For the underachievers, “The Big Lebowski,” is a film by the Coen Bros. about The Dude, a.k.a. Jeff Lebowski, the protagonist of the venture. When two guys mistake The Dude for a handicapped millionaire with the same name it’s up to him to find out why and if possible, get a new rug (“It really tied the room together, man.”) But not before bowling. From there the journey descends into a maelstrom of bowling, German nihilists, CCR, the Eagles, pacifism, and the mysterious disappearance of “Bunny” Lebowski.

 

Reportedly when Russell and Shuffitt met they traded quotes from the movie and realized, through bowling, that others knew and loved the movie as well. This led to the founding of the Fest. Since its inception in 2002, Lebowski Fests have been attended in Las Vegas, Los Angeles, Chicago, New York, Seattle, Austin, Edinburgh, London, and San Francisco.

 

If ya got a few bucks and are in the Louisville area, stop by for the Fest. For more information, check out the official site at:

 

www.lebowskifest.com

 

Mark it 8, Dudes.

13
Jun
08

Movie Review: Son of Rambow

 

 

Make film. Not war.

 

Starring Neil Dudgeon, Bill Milner, Jessica Hynes, Will Poulter, and Jules Sitruk. Directed by Garth Jennings.

 

Setting: England, some point in the 1980’s. Will Proudfoot (Milner) is a young schoolboy with a great ability to do drawings.

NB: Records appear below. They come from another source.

Lemma barrier_nonneg (t : R) : 0 <= t -> 0 <= H (x t) (e t).
Proof.
have [a a0 alpha_lt0] := ext_classK_lt0 Halpha.
move: t; apply: (method_of_steps (P := fun r => 0 <= H (x r) (e r)) Htau barrier_init).
move=> T s tau_T /andP[Ts sT] past_nonneg.
have T0 := lt_le_trans Htau tau_T.
apply: (barrier_ge0 (h := fun r => H (x r) (e r))
  (D := fun c => Hdot f g H (x c) (e c) (edot c) (u (c - tau))) a0 Ts).
- move=> r /andP[Tr _]; exact: barrier_continuous (lt_le_trans T0 Tr).
- move=> c /andP[Tc _]; exact: barrier_is_derive (le_lt_trans tau_T Tc).
- move=> c /andP[Tc cs] /andP[ac c_lt0].
  have tau_c := le_lt_trans tau_T Tc.
  apply: lt_le_trans (barrier_dot_ge tau_c _); first by rewrite oppr_gt0 alpha_lt0 // ac.
  by apply: past_nonneg; rewrite subr_ge0 (ltW tau_c) lerBlDr (le_trans (ltW cs) sT).
- by apply: past_nonneg; rewrite (ltW T0) lexx.
Qed.

End closed_loop.

Theorem theorem4
  (n m l : nat) (X : set 'cV[R]_n) (U : set 'cV[R]_m) (E Ecal : set 'cV[R]_l)
  (f : 'cV[R]_n -> 'cV[R]_n) (g : 'cV[R]_n -> 'M[R]_(n, m)) (tau : R)
  (Psi : R -> 'cV[R]_n -> (R -> 'cV[R]_m) -> 'cV[R]_n)
  (Gam : R -> 'cV[R]_l -> 'cV[R]_l) (dGam : R -> 'cV[R]_l -> 'cV[R]_l -> 'cV[R]_l)
  (H : 'cV[R]_n -> 'cV[R]_l -> R) (alpha : R -> R)
  (K : 'cV[R]_n -> 'cV[R]_l -> 'cV[R]_l -> 'cV[R]_m)
  (x : R -> 'cV[R]_n) (u : R -> 'cV[R]_m) (e edot : R -> 'cV[R]_l)
  (HXopen : open X) (HXconn : connected X)
  (Hf : loc_lipschitz X f) (Hg : loc_lipschitz X g)
  (Htau : 0 < tau)
  (HGam : forall (th : R) e0, 0 <= th <= tau -> E e0 -> E (Gam th e0))
  (HdGam : forall (th : R) e0 ed0, 0 <= th <= tau -> E e0 -> Ecal ed0 -> Ecal (dGam th e0 ed0))
  (HPsi : forall x0 w, X x0 -> inB tau U w -> forall y : R -> 'cV[R]_n,
      pred_sol f g tau x0 w y <-> (forall th : R, 0 <= th <= tau -> y th = Psi th x0 w))
  (HC1 : C1_on X E H)
  (HECBF : ECBF X U E Ecal f g tau Psi Gam dGam H alpha)
  (HKlip : loc_lipschitz [set p : 'cV[R]_n * 'cV[R]_l * 'cV[R]_l |
                            X p.1.1 /\ E p.1.2 /\ Ecal p.2]
                         (fun p => K p.1.1 p.1.2 p.2))
  (HKcond : forall x0 e0 ed0 w, Se X E H x0 e0 -> Ecal ed0 -> inB tau U w ->
      let xp := Psi tau x0 w in let ep := Gam tau e0 in let edp := dGam tau e0 ed0 in
      - alpha (H xp ep) <= Hdot f g H xp ep edp (K xp ep edp))
  (Hx : forall t : R, 0 <= t ->
      X (x t) /\ RInt_vec (fun s => rhs f g (x s) (u (s - tau))) 0 t (x t - x 0))
  (HuB : forall t : R, 0 <= t -> inB tau U (ushift u t))
  (Hu : forall t : R, 0 <= t ->
      u t = K (Psi tau (x t) (ushift u t)) (Gam tau (e t)) (dGam tau (e t) (edot t)))
  (Hed : forall t : R, is_derive (t : R^o) 1 e (edot t))
  (Hedc : continuous edot)
  (HeE : forall t : R, 0 <= t -> E (e t) /\ Ecal (edot t))
  (Henv : forall t th : R, 0 <= t -> 0 <= th <= tau ->
      e (t + th) = Gam th (e t) /\ edot (t + th) = dGam th (e t) (edot t))
  (Hass2 : forall th : R, 0 <= th <= tau ->
      Se X E H (Psi th (x 0) (ushift u 0)) (Gam th (e 0))) :
  Se X E H (x 0) (e 0) -> forall t : R, 0 <= t -> Se X E H (x t) (e t).
Proof.
move=> _ t t0; split; first exact: (Hx t t0).1.
split; first exact: (HeE t t0).1.
exact: (barrier_nonneg Htau HPsi Hx HuB Henv Hu Hed Hedc HeE HKlip Hf Hg HC1 HKcond Hass2
  HECBF.1 t0).
Qed.
(* Let $(R,\mathfrak m,k)$ be a Noetherian local ring, $j\ge2$, and $M$ a finitely generated $R$-module with $\operatorname{pd}_RM=2$ satisfying the $(SW_j)$ condition. Write $\beta_i=\beta_i^R(M)$. Then for all $t=0,1,\dots,\operatorname{pd}_R\mathcal S_j(M)$: (a) if $j\ge t$, $\beta_t^R(\mathcal S_j(M))=\sum_{r=0}^{\lfloor t/2\rfloor}\binom{\beta_2+r-1}{r}\binom{\beta_1}{t-2r}\binom{\beta_0+j-t+r-1}{j-t+r}$; (b) if $j<t$, $\beta_t^R(\mathcal S_j(M))=\sum_{r=t-j}^{\min\{j,\lfloor t/2\rfloor\}}\binom{\beta_2+r-1}{r}\binom{\beta_1}{t-2r}\binom{\beta_0+j-t+r-1}{j-t+r}$.
   Context: $\beta_i^R(N)$ is the $i$-th Betti number (rank of the $i$-th module in a minimal free resolution of $N$). $\mathcal S_j(M)$ is the $j$-th graded component of the symmetric algebra $\mathcal S_R(M)$. For a free module $F$ of finite rank, $D_a(F)$ is the $a$-th divided power (symmetric tensors in $F^{\otimes a}$; free with basis the divided power monomials $f_1^{(c_1)}\cdots f_r^{(c_r)}$, $\sum c_l=a$), $\Lambda^aF$ the $a$-th exterior power. For a finite free resolution $\mathbf F_\bullet:0\to F_p\xrightarrow{\phi_p}\cdots\xrightarrow{\phi_1}F_0$ of $M$, the complex $\mathcal S_j\mathbf F_\bullet$ has $(\mathcal S_j\mathbf F_\bullet)_t=\bigoplus D_{a_0}F_0\otimes\Lambda^{a_1}F_1\otimes D_{a_2}F_2\otimes\cdots$, summed over $(a_0,\dots,a_p)\in\mathbb N^{p+1}$ with $\sum a_i=j$, $\sum ia_i=t$; the differential maps the summand indexed by $(a_0,\dots,a_p)$ only to summands indexed by $(a_0,\dots,a_i+1,a_{i+1}-1,\dots,a_p)$, by $(-1)^{a_0+2a_1+\cdots+(i+1)a_i}$ times identity on other factors tensored with: for $i$ odd, $f_1^{(c_1)}\cdots f_r^{(c_r)}\otimes v\mapsto\sum_lf_1^{(c_1)}\cdots f_l^{(c_l-1)}\cdots f_r^{(c_r)}\otimes\phi_{i+1}(f_l)\wedge v$; for $i$ even, $f_{l_1}\wedge\cdots\wedge f_{l_a}\otimes w\mapsto\sum_s(-1)^sf_{l_1}\wedge\cdots\widehat{f_{l_s}}\cdots\wedge f_{l_a}\otimes\phi_{i+1}(f_{l_s})\cup w$, where $g_m\cup g_1^{(c_1)}\cdots g_n^{(c_n)}$ raises $c_m$ by one. Standing assumption: the characteristic of $R$ is such that $\mathcal S_j\mathbf F_\bullet$ is a complex (e.g. all integers $2\le m\le jp$ are units in $R$). A free resolution is minimal if $\operatorname{Im}\phi_i\subseteq\mathfrak mF_{i-1}$. $M$ satisfies the $(SW_j)$ condition if, for a finite minimal free resolution $\mathbf F_\bullet$ of $M$, $\mathcal S_j\mathbf F_\bullet$ is a finite free resolution of $\mathcal S_j(M)$. *)

From HB Require Import structures.
From mathcomp Require Import all_boot all_order fingroup perm all_algebra.
From Stdlib Require Import ClassicalEpsilon.
Set Implicit Arguments.
Unset Strict Implicit.
Unset Printing Implicit Defensive.
Import Order.TTheory GRing.Theory.
Local Open Scope ring_scope.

His main problem is that his family is under the religious regime of the Brethren, a sect that outlaws media, art, and most of the outside world influences. Enter Lee Carter (Poulter), the “trouble” kid. He smokes, helps his brother bootleg movies, and gets into trouble just about every day. When these two opposites meet, Lee makes Will feel indebted to him, and pulls him into helping to win a filmmaking contest. When Will watches “First Blood” for the first time, he transforms from mild-mannered kid into the rambunctious “Son of Rambow.” What follows is a tale of friendship, religion, family, and small-scale filmmaking.

 

What I liked about this movie: it’s endearing. Instead of your CGI-based movie, or the standard sugar-coated Disney fare, this film has heart whereas the others have money. It’s not a perfect film; it has its flaws and it can meander, but overall I enjoyed it.

 

The only movie I could even compare it to would be “Bowfinger.” Thing is, it’s not as campy or corny as “Bowfinger” was. However, it does show filmmaking on a small scale: getting the people, the prima donna actor, “losing control” over the production… all of that is in here. Again, it’s a nice movie. Not great, not earth-shattering, but nice. And that’s all it really aims for.